I’m happy to announce the release of my library mula. The package uses Universal Levenshtein Automata (ULA) to not only check if a word is within a certain edit distance of another, but to also output what the edit distance is! It uses the automata themselves to calculate edit distances. A fun use case for this is that we can feed a set of words to the automaton and immediately rank the words by their edit distance.
Mula supports both the standard Levenshtein edit distance as well as the Demarau-Levenshtein distance which counts transpositions of two adjacent characters as a single edit. I also support getting live error counts, so you can feed part of a string into an automaton, and get the minimum number of errors that have occurred so far.
I currently have matching working using non-deterministic ULA, but I have partially started the work toward the deterministic versions. It should be possible to pre-compute the DFAs for up to edit distance 3 and pack it with the library, never needing to be recomputed because the Universal Automata are independent of the input strings. But the non-deterministic automata support very large edit distances: (Sys.int_size - 1)/2, so they have value on their own.
This library came about from a desire to add a “did you mean” feature to a toy compiler, but not wanting to write the kind of dynamic programming code that you can find in the OCaml compiler [1] or merlin/spelll [2,3].
You can find the library here and the documentation here. It’s not on opam yet, but I have submitted a pull request. Update: It’s on opam now.
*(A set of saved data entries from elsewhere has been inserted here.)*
Lemma no_sole_common_neighbour X u v w : sealed e [set u; v] X ->
  u \notin X -> v \notin X -> w \in X -> e u w -> e v w ->
  (forall z, z \in X -> e u z -> z = w) -> (forall z, z \in X -> e v z -> z = w) -> False.
Proof.
move=> sealX uX vX wX uw vw soleu solev.
have sealXw : sealed e [set w; w] X.
  have sealXuw : sealed e [set w; u] X.
    by rewrite setUC; apply: (sealed_swap e_sym sealX vX solev).
  exact: (sealed_swap e_sym sealXuw uX soleu).
have [c wc /andP[uc vc]] := third_neighbour w u v.
have cX : c \in X.
  have wXS : w \in X :\: [set u; v].
    rewrite !inE wX negb_or andbT.
    by apply/andP; split; [apply: contraNneq uX | apply: contraNneq vX] => <-.
  move/subsetP/(_ c): (sealX w wXS).
  by rewrite !inE wc ![c == _]eq_sym (negbTE uc) (negbTE vc) !orbF; apply.
suff /cut_gt1 : vertex_cut e [set w; w] by rewrite setUid cards1.
apply: (sealed_cut e_sym sealXw (x := c) (y := u)).
  by rewrite !inE cX orbb andbT eq_sym adj_neq.
by rewrite !inE (negbTE uX) orbb; apply: contraNneq uX => ->.
Qed.

Lemma adjacent_cut2 u v : e u v -> vertex_cut e [set u; v] ->
  exists S, [/\ vertex_cut e S, independent e S & #|S| <= 2].
Proof.
move=> uv [x [y [xS yS nxy]]].
set S := [set u; v]; set X := component e S x; set Y := ~: (X :|: S).
have sealX : sealed e S X by apply: sealed_component.
have sealY : sealed e S Y := sealed_compl e_sym sealX.
have sealX' : sealed e [set v; u] X by rewrite setUC.
have sealY' : sealed e [set v; u] Y by rewrite setUC.
have xX : x \in X by rewrite inE xS connect0.
have yY : y \in Y by rewrite in_setC in_setU negb_or yS andbT inE negb_and nxy orbT.
have [uS vS] : u \in S /\ v \in S by rewrite !inE !eqxx orbT.
have SX z : z \in S -> z \notin X by move=> zS; rewrite inE zS.
have SY z : z \in S -> z \notin Y by move=> zS; rewrite in_setC in_setU zS orbT.
have YX z : z \in Y -> z \notin X by rewrite in_setC in_setU negb_or => /andP[].
have vu : v != u by rewrite eq_sym adj_neq.
have [u1 u1X uu1] := neighbour_in_side sealX' xX (SX u uS) (SX v vS) (adj_neq uv).
have [v1 v1X vv1] := neighbour_in_side sealX xX (SX v vS) (SX u uS) vu.
have [u2 u2Y uu2] := neighbour_in_side sealY' yY (SY u uS) (SY v vS) (adj_neq uv).
have [v2 v2Y vv2] := neighbour_in_side sealY yY (SY v vS) (SY u uS) vu.
have sole p q p1 p2 : q \in S -> e p q -> e p p1 -> e p p2 -> p1 \in X -> p2 \in Y ->
    forall z, z \in X -> e p z -> z = p1.
  move=> qS pq pp1 pp2 p1X p2Y z zX; rewrite (adj_cubic pq pp1 pp2).
  - case/or3P=> /eqP zE //; rewrite zE in zX.
      by have := SX q qS; rewrite zX.
    by have := YX p2 p2Y; rewrite zX.
  - by apply: contraNneq (SX q qS) => ->.
  - by apply: contraNneq (SY q qS) => ->.
  - by apply: contraNneq (YX p2 p2Y) => <-.
have vu' : e v u by rewrite e_sym.
have soleu := sole u v u1 u2 vS uv uu1 uu2 u1X u2Y.
have solev := sole v u v1 v2 uS vu' vv1 vv2 v1X v2Y.
have [u1v1E|u1v1] := eqVneq u1 v1.
  rewrite -u1v1E in vv1 solev.
  by case: (no_sole_common_neighbour sealX (SX u uS) (SX v vS) u1X uu1 vv1 soleu solev).
exists [set u; v1]; split.
- apply: (sealed_cut e_sym (sealed_swap e_sym sealX (SX v vS) solev) (x := u1) (y := v)).
    rewrite in_setD u1X andbT !in_setU !in_set1 negb_or u1v1 andbT.
    by apply: contraNneq (SX u uS) => <-.
  rewrite in_setU (negbTE (SX v vS)) !in_setU !in_set1 /= negb_or vu.
  by apply: contraNneq (SX v vS) => ->.
- by apply: independent2; apply/negP => /(soleu v1 v1X) v1u1; rewrite v1u1 eqxx in u1v1.
- by rewrite cards2; case: (u != v1).
Qed.

Lemma independent_cut2 S : vertex_cut e S -> #|S| = 2 ->
  exists S', [/\ vertex_cut e S', independent e S' & #|S'| <= 2].
Proof.
move=> cutS /eqP/cards2P[u [v [uv defS]]]; rewrite defS in cutS.
have [euv|neuv] := boolP (e u v); first exact: adjacent_cut2 euv cutS.
by exists [set u; v]; split; [| exact: independent2 | rewrite cards2 uv].
Qed.

End ConnectivityTwo.

Section ConnectivityThree.
Hypotheses (cut_gt2 : forall S, vertex_cut e S -> 2 < #|S|) (order_gt7 : 7 < #|T|).

Lemma quad_attachments_gt2 a b c d s t : a \notin [set s; t] ->
  (forall z, z \in [set a; b; c; d] -> nbhd e z \subset [set a; b; c; d] :|: [set s; t]) ->
  False.
Proof.
move=> aS sealQ.
suff /cut_gt2 : vertex_cut e [set s; t] by rewrite cards2; case: (s != t).
apply: (sealed_small_cut e_sym (x := a) (s := [:: a; b; c; d; s; t])).
- by move=> z /setDP[zQ _]; apply: sealQ.
- by rewrite in_setD aS !inE eqxx.
- by move=> z; rewrite !inE -!orbA.
- exact: ltnW.
Qed.

Lemma common_neighbour_uniq a b c d : e a b -> e a c -> e b c -> e a d -> e b d -> c = d.
Proof.
move=> ab ac bc ad bd; apply/eqP/negPn/negP => cd.
have [c' cc' /andP[ac' bc']] := third_neighbour c a b.
have [d' dd' /andP[ad' bd']] := third_neighbour d a b.
have [ba ca cb da db] : [/\ e b a, e c a, e c b, e d a & e d b] by split; rewrite e_sym.
apply: (@quad_attachments_gt2 a b c d c' d'); first by rewrite !inE negb_or ac' ad'.
move=> z; rewrite !inE -!orbA => /or4P[]/eqP->.
- by rewrite (nbhd_cubic ab ac ad (adj_neq bc) (adj_neq bd) cd) !subUset !sub1set !inE !eqxx ?orbT.
- by rewrite (nbhd_cubic ba bc bd (adj_neq ac) (adj_neq ad) cd) !subUset !sub1set !inE !eqxx ?orbT.
- by rewrite (nbhd_cubic ca cb cc' (adj_neq ab) ac' bc') !subUset !sub1set !inE !eqxx ?orbT.
- by rewrite (nbhd_cubic da db dd' (adj_neq ab) ad' bd') !subUset !sub1set !inE !eqxx ?orbT.
Qed.

Lemma outer_neighbours_nonadj a b c a' b' :
  e a b -> e a c -> e b c -> e a a' -> e b b' -> b != a' -> c != a' -> a != b' -> c != b' ->
  (exists s t, [/\ e a' s, e a' t & e s t]) -> ~~ e a' b'.
Proof.
move=> ab ac bc aa' bb' ba' ca' ab' cb' [s [t [a's a't st]]]; apply/negP => a'b'.
(* The triangle at a' would have to be a' b' p, and then {c, p} would be the only
   attachments of {a, b, a', b'}. *)
have [p a'p /andP[ap b'p]] := third_neighbour a' a b'.
have [ba cb a'a b'b b'a'] : [/\ e b a, e c b, e a' a, e b' b & e b' a'] by split; rewrite e_sym.
have nab' : ~~ e a b'.
  by apply: contraNN cb' => eab'; rewrite (common_neighbour_uniq ab ac bc eab' bb').
have bp : b != p.
  apply: contraNneq ca' => bp; apply/eqP.
  by apply: (common_neighbour_uniq ab ac bc aa'); rewrite bp e_sym.
have nap : ~~ e a p.
  rewrite (adj_cubic ab ac aa' (adj_neq bc) ba' ca') ![p == _]eq_sym (negbTE bp).
  rewrite (negbTE (adj_neq a'p)) orbF /=; apply: contraNneq ba' => cp; apply/eqP.
  by apply: (common_neighbour_uniq ac ab cb aa'); rewrite e_sym cp.
have nb'p : ~~ e b' p.
  apply/negP => b'p'; apply: (@quad_attachments_gt2 a b a' b' c p).
    by rewrite !inE negb_or (adj_neq ac).
  move=> z; rewrite !inE -!orbA => /or4P[]/eqP->.
  - by rewrite (nbhd_cubic ab ac aa' (adj_neq bc) ba' ca') !subUset !sub1set !inE !eqxx ?orbT.
  - by rewrite (nbhd_cubic ba bc bb' (adj_neq ac) ab' cb') !subUset !sub1set !inE !eqxx ?orbT.
  - by rewrite (nbhd_cubic a'a a'b' a'p ab' ap b'p) !subUset !sub1set !inE !eqxx ?orbT.
  - by rewrite (nbhd_cubic b'b b'a' b'p' ba' bp (adj_neq a'p)) !subUset !sub1set !inE !eqxx ?orbT.
move: a's a't st; rewrite !(adj_cubic a'a a'b' a'p ab' ap b'p).
by move=> /or3P[]/eqP-> /or3P[]/eqP->; apply/negP; rewrite ?e_irr // e_sym.
Qed.

Lemma independent_cut3 : exists S, [/\ vertex_cut e S, independent e S & #|S| <= 3].
Proof.
have [/existsP[v /forallP indepN]|] :=
  boolP [exists v, [forall s, forall t, e v s ==> e v t ==> ~~ e s t]].
  exists (nbhd e v); split; last by rewrite [#|nbhd e v|]e_cubic.
    by apply: nbhd_cut; apply: (@leq_trans 8).
  by move=> s t; rewrite !inE => vs vt; have /forallP/(_ t) := indepN s; rewrite vs vt.
rewrite negb_exists => /forallP no_indepN.
have triangle v : exists s t, [/\ e v s, e v t & e s t].
  have /forallPn[s /forallPn[t]] := no_indepN v.
  by rewrite !negb_imply andbT => /and3P[vs vt st]; exists s, t.
have /card_gt0P[a _] : 0 < #|T| by apply: (@leq_trans 8).
have [b [c [ab ac bc]]] := triangle a.
have [a' aa' /andP[ba' ca']] := third_neighbour a b c.
have [b' bb' /andP[ab' cb']] := third_neighbour b a c.
have [c' cc' /andP[ac' bc']] := third_neighbour c a b.
have [ba ca cb] : [/\ e b a, e c a & e c b] by split; rewrite e_sym.
have na'b' := outer_neighbours_nonadj ab ac bc aa' bb' ba' ca' ab' cb' (triangle a').
have na'c' := outer_neighbours_nonadj ac ab cb aa' cc' ca' ba' ac' bc' (triangle a').
have nb'c' := outer_neighbours_nonadj bc ba ca bb' cc' cb' ab' bc' ac' (triangle b').
exists [set a'; b'; c']; split; last 2 first.
- exact: independent3.
- by apply: (@card_le_size _ _ [:: a'; b'; c']) => z; rewrite !inE -!orbA.
apply: (sealed_small_cut e_sym (X := [set a; b; c]) (x := a) (s := [:: a; b; c; a'; b'; c'])).
- move=> z /setDP[]; rewrite !inE -!orbA => /or3P[]/eqP-> _.
  + by rewrite (nbhd_cubic ab ac aa' (adj_neq bc) ba' ca') !subUset !sub1set !inE !eqxx ?orbT.
  + by rewrite (nbhd_cubic ba bc bb' (adj_neq ac) ab' cb') !subUset !sub1set !inE !eqxx ?orbT.
  + by rewrite (nbhd_cubic ca cb cc' (adj_neq ab) ac' bc') !subUset !sub1set !inE !eqxx ?orbT.
- by rewrite !inE eqxx (negbTE (adj_neq aa')) (negbTE ab') (negbTE ac').
- by move=> z; rewrite !inE -!orbA.
- exact: ltnW.
Qed.

End ConnectivityThree.

End Cubic.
I followed the paper by Touzet [1] as much as possible. If you take a look at the code, you’ll see a a lot of +1’s for 1-indexing. This was to keep the implementation as close to the paper as possible! (If you do want to check the implementation against the paper, note that the paper has a typo in Definition 2). For the Demarau-Levenshtein automaton, I adapted Figure 9 from Mitankin’s thesis [2]. I’m convinced that my adaptation works, but my adaptation of Touzet’s subsumption relation for Demarau-Levenshtein might be slightly sub-optimal. If you have question about the adaptation, feel free to ask!
mula does not completely replace c-cube’s spelll package. In particular I don’t support any indexs, etc. But there are some interesting differences in the automata they use. (w stands for the base word here)
The spelll package creates the Levenshtein Automaton for a single string/word (LA_w), mula uses Universal Levenshtein Automata (ULA).
Spelll computes a DFA from a non-deterministic automaton that uses eplison transitions. ULA do not have epsilon transitions, but for transitions it looks ahead into the base word w. Additionally the NFA’s states/transitions are computable on the fly, so there is no need to store the NFA in memory.
Spelll's automata transitions using characters. mula computes a bitvector from an input character to transition from states to states. (Computing the bitvector is where the look ahead comes in).
Spelll's automata return true/false, and uses a separate function to calculate edit distances. Mula uses the automaton itself to calculate edit distances, the outputs have type int option. (LA_w can be modified to support this though!)